Em sociedade, portanto, o problema do desconhecimento da própria natureza se torna


maior: não reconhecendo a própria natureza, o homem não reconhece o que o liga
necessariamente aos outros homens, como diz Holbach. Numa sociedade, cada indivíduo deve
reconhecer que o bem estar do outro – que é, assim como ele, copartícipe do todo natural –
está necessariamente ligado ao seu próprio bem estar. Poder-se-ia, todavia, objetar-se que a
felicidade do indivíduo nada tem a ver com a felicidade de toda a sociedade, pois é nítido que
há indivíduos felizes à custa do sofrimento alheio, ainda mais se pensarmos no nosso horizonte
político e econômico contemporâneo. Contra este argumento – muito antigo, por sinal –,
Holbach dirá que o homem nunca conheceu seus verdadeiros interesses. De todo modo, é o
desconhecimento da natureza que torna o homem cego para si mesmo. No fundo, quando
Holbach diz que o homem nunca conheceu seus verdadeiros interesses, ele quer dizer que o
homem vê a si mesmo cindido da natureza, isto é, vê a natureza como um “não-eu”
totalmente diverso dele – pois, se contemplasse a si mesmo como parte integrante da reunião
e combinação da matéria, que é a natureza, o homem não cairia em excessos e vícios,
tampouco usaria o outro como um meio para a sua felicidade.

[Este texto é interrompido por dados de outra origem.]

(* Let $\boldsymbol{\mathcal{G}}=(\mathcal{V},\boldsymbol{\mathcal{E}},\mu(\cdot))$ be a stochastic digraph with vertex set $\mathbb{Z}_n$, edge sets $\mathcal{E}_1,\dots,\mathcal{E}_h$, and out-neighborhood map $H(x,w)=\{y:(x,y)\in\mathcal{E}_w\}$, such that there is no pair $(i,w)\in\mathbb{Z}_n\times\mathbb{Z}_h$ with $\mu(\{w\})>0$ and $H(i,w)=\emptyset$. Let $\mathcal{Q}\subset\mathbb{Z}_n$ and let $\check{\boldsymbol{\mathcal{G}}}$ be the augmented stochastic digraph on $\mathbb{Z}_{n+2}$ (with the same $\mu$) obtained by replacing, in each $\mathcal{E}_s$, every edge $(i,j)$ with $j\in\mathcal{Q}$ by the edge $(i,n+1)$, and adding the edges $(n+1,n+2)$ and $(n+2,n+2)$ to each $\mathcal{E}_s$. Let $\check H$ be its out-neighborhood map and consider the Markov decision process on states $\mathbb{Z}_{n+2}$ with action space $\mathcal{A}(i)$ at state $i$ equal to the set of tuples $a=(\xi_{1,a},\dots,\xi_{h,a})$ with $\xi_{w,a}\in\check H(i,w)$ for each $w$, transition probabilities $$\check p(j\mid i,a)=\sum_{w\in\{s\in\mathbb{Z}_h:\,\xi_{s,a}=j\}}\mu(\{w\}),$$ and reward $r(i,a,j)=-\mathbb{I}_{\{n+1\}}(j)$. Let $v_\star$ be the optimal state-value function of this MDP, i.e., $v_\star(0,x)=0$ and $v_\star(k,x)=\max_{a\in\mathcal{A}(x)}\sum_{j}\check p(j\mid x,a)\big(r(x,a,j)+v_\star(k-1,j)\big)$ for $k\geqslant1$. Then for all $k\in\mathbb{Z}_{\geqslant0}$ and all $x\in\mathbb{Z}_n$, $$\mathfrak{V}_{\mathcal{Q}}(k,x)=-v_\star(k,x),$$ where $\mathfrak{V}_{\mathcal{Q}}(k,x):=\inf_{\boldsymbol{x}\in\mathcal{S}(x)}\mathbb{P}\big(\exists\,t\in\{1,\dots,k\}:\boldsymbol{x}_t\in\mathcal{Q}\big)$ is the strong recurrence probability.
   Context: A stochastic digraph is a triple $(\mathbb{Z}_n,\{\mathcal{E}_s\}_{s=1}^h,\mu)$ with $\mathcal{E}_s\subset\mathbb{Z}_n\times\mathbb{Z}_n$ and $\mu$ the common distribution of an i.i.d. sequence $\boldsymbol{w}_k:\Omega\to\mathbb{Z}_h$, $k\in\mathbb{Z}_{\geqslant0}$, on a probability space $(\Omega,\mathcal{F},\mathbb{P})$. A stochastic directed path from $x$ is a map $\omega\mapsto\{\boldsymbol{x}_k(\omega)\}_{k=0}^{\boldsymbol{K}(\omega)}$ with $\boldsymbol{x}_0=x$, $\boldsymbol{x}_{k+1}(\omega)\in H(\boldsymbol{x}_k(\omega),\boldsymbol{w}_k(\omega))$ for all $\omega$ and $k<\boldsymbol{K}(\omega)$, and with $\boldsymbol{x}_{k+1}$ measurable with respect to $\sigma(\boldsymbol{w}_0,\dots,\boldsymbol{w}_k)$ for each $k$. It is maximal if it cannot be extended; $\mathcal{S}(x)$ is the set of maximal stochastic directed paths from $x$. $\mathbb{I}_{A}$ denotes the indicator function of the set $A$. *)

From HB Require Import structures.
From mathcomp Require Import all_boot all_order all_algebra.
From mathcomp Require Import all_classical all_reals all_analysis.
Set Implicit Arguments. Unset Strict Implicit. Unset Printing Implicit Defensive.
Import Order.TTheory GRing.Theory Num.Theory.
Local Open Scope classical_set_scope.
Local Open Scope ring_scope.
(* The functors M and T carry amalgamation problems back and forth. A WHB-algebra A embeds into
   M (T A) by a |-> sigma(a) (prime filter theorem), and a tense algebra B has the same
   operations as M B, so WHB-homomorphisms M B -> M C are tense homomorphisms B -> C. An
   injective homomorphism i : A -> B induces X(i) : X B -> X A, P |-> i^-1(P), which is
   surjective and a bounded morphism for R and S, since a prime filter of A together with its
   R- and S-successors lifts along i; hence T(i) : U |-> X(i)^-1(U) is an injective tense
   homomorphism T A -> T B. Thus an amalgam D in K of M A, M B, M C yields the amalgam T D in N,
   and an amalgam D in N of T A, T B, T C yields the amalgam M D in K. Compactness of X A shows that each clopen set is a
   finite intersection of sets X A \ sigma(a) U sigma(b), whose images under G_A and H_A are
   sigma(a -> b) and X A \ sigma(a <- b); so G_A and H_A preserve clopen sets, which [T] needs
   because [mk_clop] sends every other set to the empty one. *)

From Stdlib Require Import List Classical ClassicalEpsilon.
From Stdlib Require Import FunctionalExtensionality PropExtensionality ProofIrrelevance.
From mathcomp Require classical_sets.
Import ListNotations.

Definition included {T : Type} (U V : T -> Prop) : Prop := forall x, U x -> V x.

Definition chain {T : Type} (C : (T -> Prop) -> Prop) : Prop :=
  forall N1 N2, C N1 -> C N2 -> included N1 N2 \/ included N2 N1.

Definition chain_union {T : Type} (C : (T -> Prop) -> Prop) : T -> Prop :=
  fun x => exists N, C N /\ N x.

Lemma pred_ext {T : Type} (U V : T -> Prop) : (forall x, U x <-> V x) -> U = V.
Proof.
  intro h. apply functional_extensionality. intro x. apply propositional_extensionality. auto.
Qed.
(* Let $(A,E,\varepsilon,\tau)$ be an analytical $B$-$B$-non-commutative probability space. If $\widetilde{E}:L_2(A,\tau)\to L_2(B,\tau_B)$ denotes the orthogonal projection, then $\widetilde{E}(a) = \widehat{E(a)}$ for all $a \in A$. In particular, when $\tau_B$ is faithful, $\widetilde{E}$ extends $E$.
   Context: An analytical $B$-$B$-non-commutative probability space $(A,E,\varepsilon,\tau)$ consists of a $B$-$B$-non-commutative probability space $(A,E,\varepsilon)$ (with $L_b=\varepsilon(b\otimes 1_B)$, $R_b=\varepsilon(1_B\otimes b)$, left algebra $A_\ell$ and right algebra $A_r$) together with a state $\tau:A\to\mathbb{C}$ compatible with $E$ (i.e. $\tau(a)=\tau(L_{E(a)})=\tau(R_{E(a)})$ for all $a\in A$), such that $\tau_B(b)=\tau(L_b)$ is a tracial state on $B$, left multiplication by elements of $A$ on $A/N_\tau$ is bounded (so extends to $L_2(A,\tau)$), and $E$ is completely positive on $A_\ell$ and on $A_r$. Here $N_\tau=\{a\in A:\tau(a^*a)=0\}$, $L_2(A,\tau)$ is the completion of $A/N_\tau$, and $L_2(B,\tau_B)$ is identified with the closure of $\{L_b+N_\tau : b\in B\}$ in $L_2(A,\tau)$ via the isometry $b+N_{\tau_B}\mapsto L_b+N_\tau$. For $a\in A$ the coset $a+N_\tau$ is denoted $a$, and for $b\in B$ the coset $b+N_{\tau_B}$ is denoted $\widehat{b}$. *)

From mathcomp Require Import all_boot all_order all_algebra.
From mathcomp Require Import reals complex.
Set Implicit Arguments. Unset Strict Implicit. Unset Printing Implicit Defensive.
Import Order.TTheory GRing.Theory Num.Theory.
Local Open Scope ring_scope.

Section Defs.
Variable C : numClosedFieldType.

Definition is_star_alg (A : algType C) (s : A -> A) : Prop :=
  [/\ forall a, s (s a) = a,
      forall a b, s (a + b) = s a + s b,
      forall (c : C) a, s (c *: a) = c^* *: s a
    & forall a b, s (a * b) = s b * s a].

Definition mxstar (A : algType C) (s : A -> A) n (X : 'M[A]_n) : 'M[A]_n :=
  \matrix_(i, j) s (X j i).

Definition lin_fun (A : algType C) (f : A -> C) : Prop :=
  forall (c : C) a b, f (c *: a + b) = c * f a + f b.

Definition lin_map (A B : algType C) (f : A -> B) : Prop :=
  forall (c : C) a b, f (c *: a + b) = c *: f a + f b.

Definition is_state (A : algType C) (s : A -> A) (tau : A -> C) : Prop :=
  [/\ lin_fun tau, tau 1 = 1 & forall a, 0 <= tau (s a * a)].

Definition is_tracial_state (A : algType C) (s : A -> A) (tau : A -> C) : Prop :=
  is_state s tau /\ forall a b, tau (a * b) = tau (b * a).

Definition cp_on (A B : algType C) (sA : A -> A) (sB : B -> B)
    (E : A -> B) (P : A -> Prop) : Prop :=
  forall n (X : 'M[A]_n), (forall i j, P (X i j)) ->
    exists Ys : seq 'M[B]_n,
      map_mx E (mxstar sA X *m X) = \sum_(Y <- Ys) (mxstar sB Y *m Y).

(* ---------- B-B-non-commutative probability spaces ----------
   The unital homomorphism eps : B (x) B^op -> A is given through its
   restrictions L_b = eps(b (x) 1) and R_b = eps(1 (x) b), i.e. a unital
   homomorphism L : B -> A and a unital anti-homomorphism R : B -> A with
   commuting ranges; then eps(b1 (x) b2) = L b1 * R b2. *)
Definition BB_ncps (A B : algType C) (L R : B -> A) (E : A -> B) : Prop :=
  [/\ lin_map L, L 1 = 1 & forall b1 b2, L (b1 * b2) = L b1 * L b2] /\
  [/\ lin_map R, R 1 = 1 & forall b1 b2, R (b1 * b2) = R b2 * R b1] /\
  (forall b1 b2, L b1 * R b2 = R b2 * L b1) /\
  (injective L /\ injective R) /\
  lin_map E /\
  (forall b1 b2 T, E (L b1 * R b2 * T) = b1 * E T * b2) /\
  (forall T b, E (T * L b) = E (T * R b)).

Definition left_alg (A B : algType C) (R : B -> A) (T : A) : Prop :=
  forall b, T * R b = R b * T.
Definition right_alg (A B : algType C) (L : B -> A) (T : A) : Prop :=
  forall b, T * L b = L b * T.

Definition analytical_BB_ncps (A B : algType C) (sA : A -> A) (sB : B -> B)
    (L R : B -> A) (E : A -> B) (tau : A -> C) : Prop :=
  (is_star_alg sA /\ is_star_alg sB) /\
  BB_ncps L R E /\
  (* eps is a *-homomorphism *)
  ((forall b, L (sB b) = sA (L b)) /\ (forall b, R (sB b) = sA (R b))) /\
  is_state sA tau /\
  (forall a, tau a = tau (L (E a)) /\ tau a = tau (R (E a))) /\
  (* tau_B(b) = tau(L_b) is a tracial state on B *)
  is_tracial_state sB (fun b => tau (L b)) /\
  (forall a, exists M : C, 0 <= M /\
     forall x, tau (sA (a * x) * (a * x)) <= M * tau (sA x * x)) /\
  (cp_on sA sB E (left_alg R) /\ cp_on sA sB E (right_alg L)).

Section Hilbert.
Variable H : lmodType C.
Variable ip : H -> H -> C. (* linear in the first variable *)

Definition inner_product : Prop :=
  [/\ forall (c : C) x y z, ip (c *: x + y) z = c * ip x z + ip y z,
      forall x y, ip y x = (ip x y)^*,
      forall x, 0 <= ip x x
    & forall x, ip x x = 0 -> x = 0].

Definition sqdist (x y : H) : C := ip (x - y) (x - y).

Definition complete_ip : Prop :=
  forall u : nat -> H,
    (forall eps : C, 0 < eps -> exists N, forall m n,
        (N <= m)%N -> (N <= n)%N -> sqdist (u m) (u n) < eps) ->
    exists x, forall eps : C, 0 < eps -> exists N, forall n,
        (N <= n)%N -> sqdist (u n) x < eps.

Definition in_closure (S : H -> Prop) (x : H) : Prop :=
  forall eps : C, 0 < eps -> exists y, S y /\ sqdist x y < eps.

Definition orth_proj (K : H -> Prop) (P : H -> H) : Prop :=
  forall x, K (P x) /\ forall k, K k -> ip (x - P x) k = 0.
End Hilbert.

(* (H, ip, iota) is (a model of) L_2(A, tau): H is a Hilbert space,
   iota : A -> H is linear with <iota a, iota a'> = tau(a'^* a) and dense
   range; so iota a is the coset a + N_tau inside the completion. *)
Definition L2_model (A : algType C) (sA : A -> A) (tau : A -> C)
    (H : lmodType C) (ip : H -> H -> C) (iota : A -> H) : Prop :=
  [/\ inner_product ip, complete_ip ip,
      forall (c : C) a b, iota (c *: a + b) = c *: iota a + iota b,
      forall a b, ip (iota a) (iota b) = tau (sA b * a)
    & forall x, in_closure ip (fun y => exists a, y = iota a) x].

End Defs.

From mathcomp Require Import all_boot all_order all_algebra.
From mathcomp Require Import reals complex.
From mathcomp Require Import ring.
Set Implicit Arguments. Unset Strict Implicit. Unset Printing Implicit Defensive.
Import Order.TTheory GRing.Theory Num.Theory.
Local Open Scope ring_scope.

(* For b in B, <a - E(a)^, b^> = tau(L_{b^*} a) - tau(L_{b^* E(a)}), which
   vanishes because tau = tau o L o E and E(L_{b^*} a) = b^* E(a).  So
   a - E(a)^ is orthogonal to the dense subset { b^ } of L_2(B, tau_B), hence
   to all of it (Cauchy-Schwarz), while E(a)^ lies in L_2(B, tau_B); by
   uniqueness of the orthogonal decomposition, E~(a) = E(a)^.  Injectivity of
   b |-> b^ is ||b^||^2 = tau_B(b^* b). *)

Lemma raw_linearB (R : pzRingType) (V W : lmodType R) (f : V -> W) :
  linear f -> forall u v, f (u - v) = f u - f v.
Proof. by move=> lf u v; rewrite -scaleN1r addrC lf scaleN1r addrC. Qed.

Section InnerProduct.
Variables (C : numClosedFieldType) (H : lmodType C) (ip : H -> H -> C).
Hypothesis hip : inner_product ip.

Lemma ipBl x y z : ip (x - y) z = ip x z - ip y z.
Proof.
case: hip => lin _ _ _.
by apply: (@raw_linearB _ H C^o (ip^~ z)) => c u v; apply: lin.
Qed.

Lemma ip0l z : ip 0 z = 0.
Proof. by rewrite -(subrr 0) ipBl subrr. Qed.

Lemma ipZl c x z : ip (c *: x) z = c * ip x z.
Proof. by case: hip => lin _ _ _; rewrite -[c *: x]addr0 lin ip0l addr0. Qed.

Lemma ipC x y : ip y x = (ip x y)^*.
Proof. by case: hip. Qed.

Lemma ipBr x y z : ip z (x - y) = ip z x - ip z y.
Proof. by rewrite ipC ipBl rmorphB /= -!ipC. Qed.

Lemma ipZr c x z : ip z (c *: x) = c^* * ip z x.
Proof. by rewrite ipC ipZl rmorphM /= -ipC. Qed.

Lemma ip0r z : ip z 0 = 0.
Proof. by rewrite ipC ip0l conjC0. Qed.

Lemma ip_ge0 x : 0 <= ip x x.
Proof. by case: hip. Qed.

Lemma ip_eq0 x : ip x x = 0 -> x = 0.
Proof. by case: hip => _ _ _; apply. Qed.

Lemma ip_CauchySchwarz x y : `|ip x y| ^+ 2 <= ip x x * ip y y.
Proof.
have [x0|x_neq0] := eqVneq x 0; first by rewrite x0 ip0l ip0r normr0 expr0n mul0r.
have xx_gt0 : 0 < ip x x.
  by rewrite lt_def ip_ge0 andbT; apply: contra x_neq0 => /eqP /ip_eq0 ->.
have xx_real : (ip x x)^* = ip x x by rewrite geC0_conj ?ip_ge0.
have := ip_ge0 (ip x x *: y - ip y x *: x).
rewrite !ipBl !ipBr !ipZl !ipZr xx_real [ip x y]ipC.
have -> : ip x x * (ip x x * ip y y) - ip x x * ((ip y x)^* * ip y x)
    - (ip y x * (ip x x * (ip y x)^*) - ip y x * ((ip y x)^* * ip x x))
    = ip x x * (ip x x * ip y y - ip y x * (ip y x)^*) by ring.
by rewrite pmulr_rge0 // subr_ge0 norm_conjC normCK.
Qed.

Lemma in_closure_self (S : H -> Prop) x : S x -> in_closure ip S x.
Proof. by move=> Sx e e_gt0; exists x; rewrite /sqdist subrr ip0l. Qed.

Lemma ip_closure_eq0 (S : H -> Prop) w k :
  (forall s, S s -> ip w s = 0) -> in_closure ip S k -> ip w k = 0.
Proof.
move=> wS kS; apply/eqP/negPn/negP => wk_neq0.
have ww_gt0 : 0 < ip w w.
  rewrite lt_def ip_ge0 andbT; apply: contra wk_neq0 => /eqP /ip_eq0 ->.
  by rewrite ip0l.
have eps_gt0 : 0 < `|ip w k| ^+ 2 / ip w w.
  by rewrite divr_gt0 // exprn_gt0 // normr_gt0.
have [y [Sy ky]] := kS _ eps_gt0.
have := ip_CauchySchwarz w (k - y); rewrite ipBr (wS _ Sy) subr0 => CS.
move: ky; rewrite ltr_pdivlMr // mulrC => /(le_lt_trans CS).
by rewrite ltxx.
Qed.

Lemma orth_proj_closureE (S : H -> Prop) P x p :
  orth_proj ip (in_closure ip S) P -> in_closure ip S p ->
  (forall s, S s -> ip (x - p) s = 0) -> P x = p.
Proof.
move=> hP pS xpS; have [PxS Px_orth] := hP x.
have dS s : S s -> ip (P x - p) s = 0.
  move=> Ss; have -> : P x - p = (x - p) - (x - P x).
    by rewrite opprB [RHS]addrC addrA subrK.
  by rewrite ipBl xpS // Px_orth ?subr0 //; apply: in_closure_self.
apply/eqP; rewrite -subr_eq0; apply/eqP/ip_eq0.
by rewrite ipBr !(ip_closure_eq0 dS) ?subr0.
Qed.

End InnerProduct.

Section AnalyticalSpace.
Variables (C : numClosedFieldType) (A B : algType C).
Variables (sA : A -> A) (sB : B -> B) (L Rm : B -> A) (E : A -> B).
Variable tau : A -> C.
Hypothesis hA : analytical_BB_ncps sA sB L Rm E tau.

Lemma L_sub b1 b2 : L (b1 - b2) = L b1 - L b2.
Proof. by case: hA => _ [[[lin _ _] _] _]; apply: raw_linearB. Qed.

Lemma L_mul b1 b2 : L (b1 * b2) = L b1 * L b2.
Proof. by case: hA => _ [[[_ _ ->]]]. Qed.

Lemma L_star b : L (sB b) = sA (L b).
Proof. by case: hA => _ [_ [[->]]]. Qed.

Lemma tau_sub a1 a2 : tau (a1 - a2) = tau a1 - tau a2.
Proof.
case: hA => _ [_ [_ [[lin _ _] _]]].
by apply: (@raw_linearB _ A C^o) => c u v; apply: lin.
Qed.

Lemma tau_L_mulE b a : tau (L b * a) = tau (L (b * E a)).
Proof.
case: hA => _ [[_ [[_ R1 _] [_ [_ [_ [E_bimod _]]]]]] [_ [_ [compat _]]]].
have [-> _] := compat (L b * a).
by have := E_bimod b 1 a; rewrite R1 !mulr1 => ->.
Qed.

Section L2.
Variables (H : lmodType C) (ip : H -> H -> C) (iota : A -> H).
Hypothesis hL2 : L2_model sA tau ip iota.

Lemma L2_ip : inner_product ip.
Proof. by case: hL2. Qed.

Lemma iota_sub a1 a2 : iota (a1 - a2) = iota a1 - iota a2.
Proof. by case: hL2 => _ _ lin _ _; apply: raw_linearB. Qed.

Lemma ip_iota a1 a2 : ip (iota a1) (iota a2) = tau (sA a2 * a1).
Proof. by case: hL2. Qed.

Lemma iota_sub_LE_orth a b : ip (iota a - iota (L (E a))) (iota (L b)) = 0.
Proof.
by rewrite -iota_sub ip_iota -L_star mulrBr -L_mul tau_sub tau_L_mulE subrr.
Qed.

Lemma iotaL_inj :
  (forall b, tau (L (sB b * b)) = 0 -> b = 0) -> injective (fun b => iota (L b)).
Proof.
move=> faithful b1 b2 /= eq_b; apply/eqP; rewrite -subr_eq0; apply/eqP/faithful.
by rewrite L_mul L_star -ip_iota L_sub iota_sub eq_b subrr (ip0l L2_ip).
Qed.

End L2.
End AnalyticalSpace.

(* L_2(B, tau_B) is modelled as the closure of { iota (L b) } inside the model
   of L_2(A, tau), and b^ is iota (L b). *)
Theorem proposition3p7 (R : realType) (A B : algType R[i])
    (sA : A -> A) (sB : B -> B) (L Rm : B -> A) (E : A -> B) (tau : A -> R[i])
    (H : lmodType R[i]) (ip : H -> H -> R[i]) (iota : A -> H) (Et : H -> H) :
  analytical_BB_ncps sA sB L Rm E tau ->
  L2_model sA tau ip iota ->
  orth_proj ip (in_closure ip (fun y => exists b, y = iota (L b))) Et ->
  (forall a : A, Et (iota a) = iota (L (E a))) /\
  ((forall b : B, tau (L (sB b * b)) = 0 -> b = 0) ->
     injective (fun b : B => iota (L b))).
Proof.
move=> hA hL2 hEt; split.
  move=> a; apply: (orth_proj_closureE (L2_ip hL2) hEt).
  - by apply: (in_closure_self (L2_ip hL2)); exists (E a).
  - by move=> _ [b ->]; apply: (iota_sub_LE_orth hA hL2).
by move=> faithful b1 b2; apply: (iotaL_inj hA hL2 faithful).
Qed.
Lemma scale_proj_add_form (a b : R) (x : 'cV[R]_n.+1) :
  (x^T *m (a *: Q + b%:M) *m x) 0 0 = a * ((u^T *m x) 0 0) ^+ 2 + b * (x^T *m x) 0 0.
Proof.
set w := (u^T *m x) 0 0.
have ux : u^T *m x = w%:M by apply: mx11_scalar.
rewrite mulmxDr mulmxDl -scalemxAr -scalemxAl mul_mx_scalar -scalemxAl !mulmxA.
rewrite -(mulmxA (x^T *m u)) (dotmxC x u) ux -scalar_mxM.
by move: (x^T *m x) => A; rewrite !mxE /= !mulr1n expr2.
Qed.

Lemma scale_proj_add_form_ge0 (a b : R) (x : 'cV[R]_n.+1) :
  0 <= b -> 0 <= a + b -> 0 <= (x^T *m (a *: Q + b%:M) *m x) 0 0.
Proof.
rewrite scale_proj_add_form => b_ge0 ab_ge0.
have := unit_bessel x; have := sqr_ge0 ((u^T *m x) 0 0); nra.
Qed.

Lemma scale_proj_add_form_le0 (a b : R) (x : 'cV[R]_n.+1) :
  b <= 0 -> a + b <= 0 -> (x^T *m (a *: Q + b%:M) *m x) 0 0 <= 0.
Proof.
rewrite scale_proj_add_form => b_le0 ab_le0.
have := unit_bessel x; have := sqr_ge0 ((u^T *m x) 0 0); nra.
Qed.

Lemma scale_proj_add_tr (a b : R) : (a *: Q + b%:M)^T = a *: Q + b%:M.
Proof. by rewrite linearD /= linearZ /= trmx_mul trmxK tr_scalar_mx. Qed.

Lemma unit_proj_eigenbasis :
  exists2 P : 'M[R]_n.+1, P \in unitmx & forall j, Q *m col j P = (j == 0)%:R *: col j P.
Proof.
have [P [PtP Pu]] := orthonormal_completion u_unit.
exists P => [|j]; first by have [] := mulmx1_unit PtP.
have uP : u^T *m col j P = ((j == 0)%:R)%:M.
  rewrite -Pu tr_col -row_mul !colE mulmxA PtP mul1mx.
  by apply/matrixP => i k; rewrite !ord1 !mxE eqxx andbT mulr1n eq_sym.
rewrite -mulmxA uP mul_mx_scalar.
by case: eqVneq => [->|_]; rewrite ?scale0r ?scale1r.
Qed.

Lemma scale_proj_mulmx_eq0 (c : R) (x : 'cV[R]_n.+1) :
  c != 0 -> ((c *: Q) *m x == 0) = (u^T *m x == 0).
Proof.
move=> c0; apply/idP/idP => [/eqP cQx|/eqP ux]; last first.
  by rewrite -scalemxAl -mulmxA ux mulmx0 scaler0.
have := congr1 (mulmx u^T) cQx.
rewrite mulmx0 -scalemxAl -scalemxAr !mulmxA u_unit mul1mx => /eqP.
by rewrite scaler_eq0 (negbTE c0).
Qed.

Lemma neg_eigensum_unit_proj (a c : R) (x : 'cV[R]_n.+1) : 0 < a -> 0 < c ->
  (exists (xi : 'I_n.+1 -> R) (y : 'I_n.+1 -> 'cV[R]_n.+1),
     (forall k, xi k < 0 /\ (a *: Q - a%:M) *m y k = xi k *: y k) /\ x = \sum_k y k)
  <-> (c *: Q) *m x = 0.
Proof.
move=> a_gt0 c_gt0.
have -> : (c *: Q) *m x = 0 <-> u^T *m x = 0.
  by rewrite (rwP eqP) [in X in _ <-> X](rwP eqP) scale_proj_mulmx_eq0 ?gt_eqF.
have uF : u^T *m (a *: Q - a%:M) = 0.
  by rewrite mulmxBr -scalemxAr mulmxA u_unit mul1mx mul_mx_scalar subrr.
split=> [[xi [y [eig ->]]]|ux].
  rewrite mulmx_sumr big1 // => k _; have [xi_lt0 Fy] := eig k.
  have := congr1 (mulmx u^T) Fy.
  rewrite mulmxA uF mul0mx -scalemxAr => /esym/eqP.
  by rewrite scaler_eq0 lt_eqF //= => /eqP.
exists (fun=> - a), (fun k => if k == 0 then x else 0); split.
  move=> k; split; first by rewrite oppr_lt0.
  case: eqP => _; last by rewrite mulmx0 scaler0.
  by rewrite mulmxBl -scalemxAl -mulmxA ux mulmx0 scaler0 mul_scalar_mx sub0r scaleNr.
by rewrite (bigD1 0) //= big1 ?addr0 // => k /negbTE ->.
Qed.
Lemma is_derive_dcot_acos c : -1 < c < 1 -> is_derive dcot_acos c (d2cot_acos c).
Proof.
  intros Hc. destruct (sqrt_1_minus_sq c Hc) as [Hp [Hs Hss]].
  unfold dcot_acos, d2cot_acos. auto_derive; replace (1 + - (c * c)) with (1 - c * c) by ring.
  - repeat split; try lra. apply Rgt_not_eq. repeat apply Rmult_lt_0_compat; lra.
  - set (s := sqrt (1 - c * c)) in *. field. lra.
Qed.

Lemma inv_sin_acos_cube c : -1 < c < 1 -> / sin (acos c) ^ 3 = dcot_acos c.
Proof. intros Hc. rewrite sin_acos by lra. reflexivity. Qed.

Lemma d2cot_acos_mul c : -1 < c < 1 -> d2cot_acos c * (1 - c * c) = 3 * c * dcot_acos c.
Proof.
  intros Hc. destruct (sqrt_1_minus_sq c Hc) as [_ [Hs Hss]].
  unfold d2cot_acos, dcot_acos. set (s := sqrt (1 - c * c)) in *.
  rewrite <- Hss. field. lra.
Qed.

(** * The potential and its gradient *)

Lemma upd_same (x : nat -> R) i : upd x i (x i) = x.
Proof.
  apply functional_extensionality. intros k. unfold upd.
  destruct (Nat.eqb_spec k i); subst; reflexivity.
Qed.

Lemma qdot_spherical th ph a b :
  qdot th ph a b = sin (th a) * sin (th b) * cos (ph a - ph b) + cos (th a) * cos (th b).
Proof. unfold qdot. rewrite cos_minus. ring. Qed.

Definition qdot_th (th ph : nat -> R) (i a b : nat) : R :=
  kron a i * (cos (th a) * sin (th b) * cos (ph a - ph b) - sin (th a) * cos (th b))
  + kron b i * (sin (th a) * cos (th b) * cos (ph a - ph b) - cos (th a) * sin (th b)).

Definition qdot_ph (th ph : nat -> R) (i a b : nat) : R :=
  (kron b i - kron a i) * (sin (th a) * sin (th b) * sin (ph a - ph b)).

Lemma is_derive_qdot_th th ph i a b : a <> b ->
  is_derive (fun s => qdot (upd th i s) ph a b) (th i) (qdot_th th ph i a b).
Proof.
  intros Hab. apply (is_derive_ext (fun s =>
    sin (upd th i s a) * sin (upd th i s b) * cos (ph a - ph b) + cos (upd th i s a) * cos (upd th i s b))).
  { intros s. symmetry. apply qdot_spherical. }
  unfold qdot_th, upd, kron.
  destruct (Nat.eqb_spec a i); destruct (Nat.eqb_spec b i); subst; try lia;
    auto_derive; auto; ring.
Qed.

Lemma is_derive_qdot_ph th ph i a b : a <> b ->
  is_derive (fun s => qdot th (upd ph i s) a b) (ph i) (qdot_ph th ph i a b).
Proof.
  intros Hab. apply (is_derive_ext (fun s =>
    sin (th a) * sin (th b) * cos (upd ph i s a - upd ph i s b) + cos (th a) * cos (th b))).
  { intros s. symmetry. apply qdot_spherical. }
  unfold qdot_ph, upd, kron.
  destruct (Nat.eqb_spec a i); destruct (Nat.eqb_spec b i); subst; try lia;
    auto_derive; auto; unfold Rminus; ring.
Qed.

Olhando para a natureza como um objeto, no sentido mais etimológico da palavra, isto
é, como aquilo que lhe é oposto, o homem cria fantasias, quimeras, como se a natureza lhe
fosse alheia. O problema que Holbach levanta é muito atual. Cuidar da natureza é cuidar de si;
cuidar do outro, como parte integrante da natureza, também é cuidar de si.

12
Holbach. Op. cit. p. 9
13
Holbach. Op. cit. p. 11
14
Holbach. Op. cit. p. 9
O sistema de Holbach é uma prova de que o homem não precisa buscar na
transcendência uma felicidade vindoura, mas que ele pode ser feliz aqui, na única existência
que lhe é possível. Para tal, o homem deve mergulhar no conhecimento da natureza, uma vez
que, adentrando as portas da natureza, o homem conhece também a si mesmo como parte
integrante da natureza. Homem e natureza estão de tal forma unidos que o conhecimento de
um deságua no conhecimento do outro.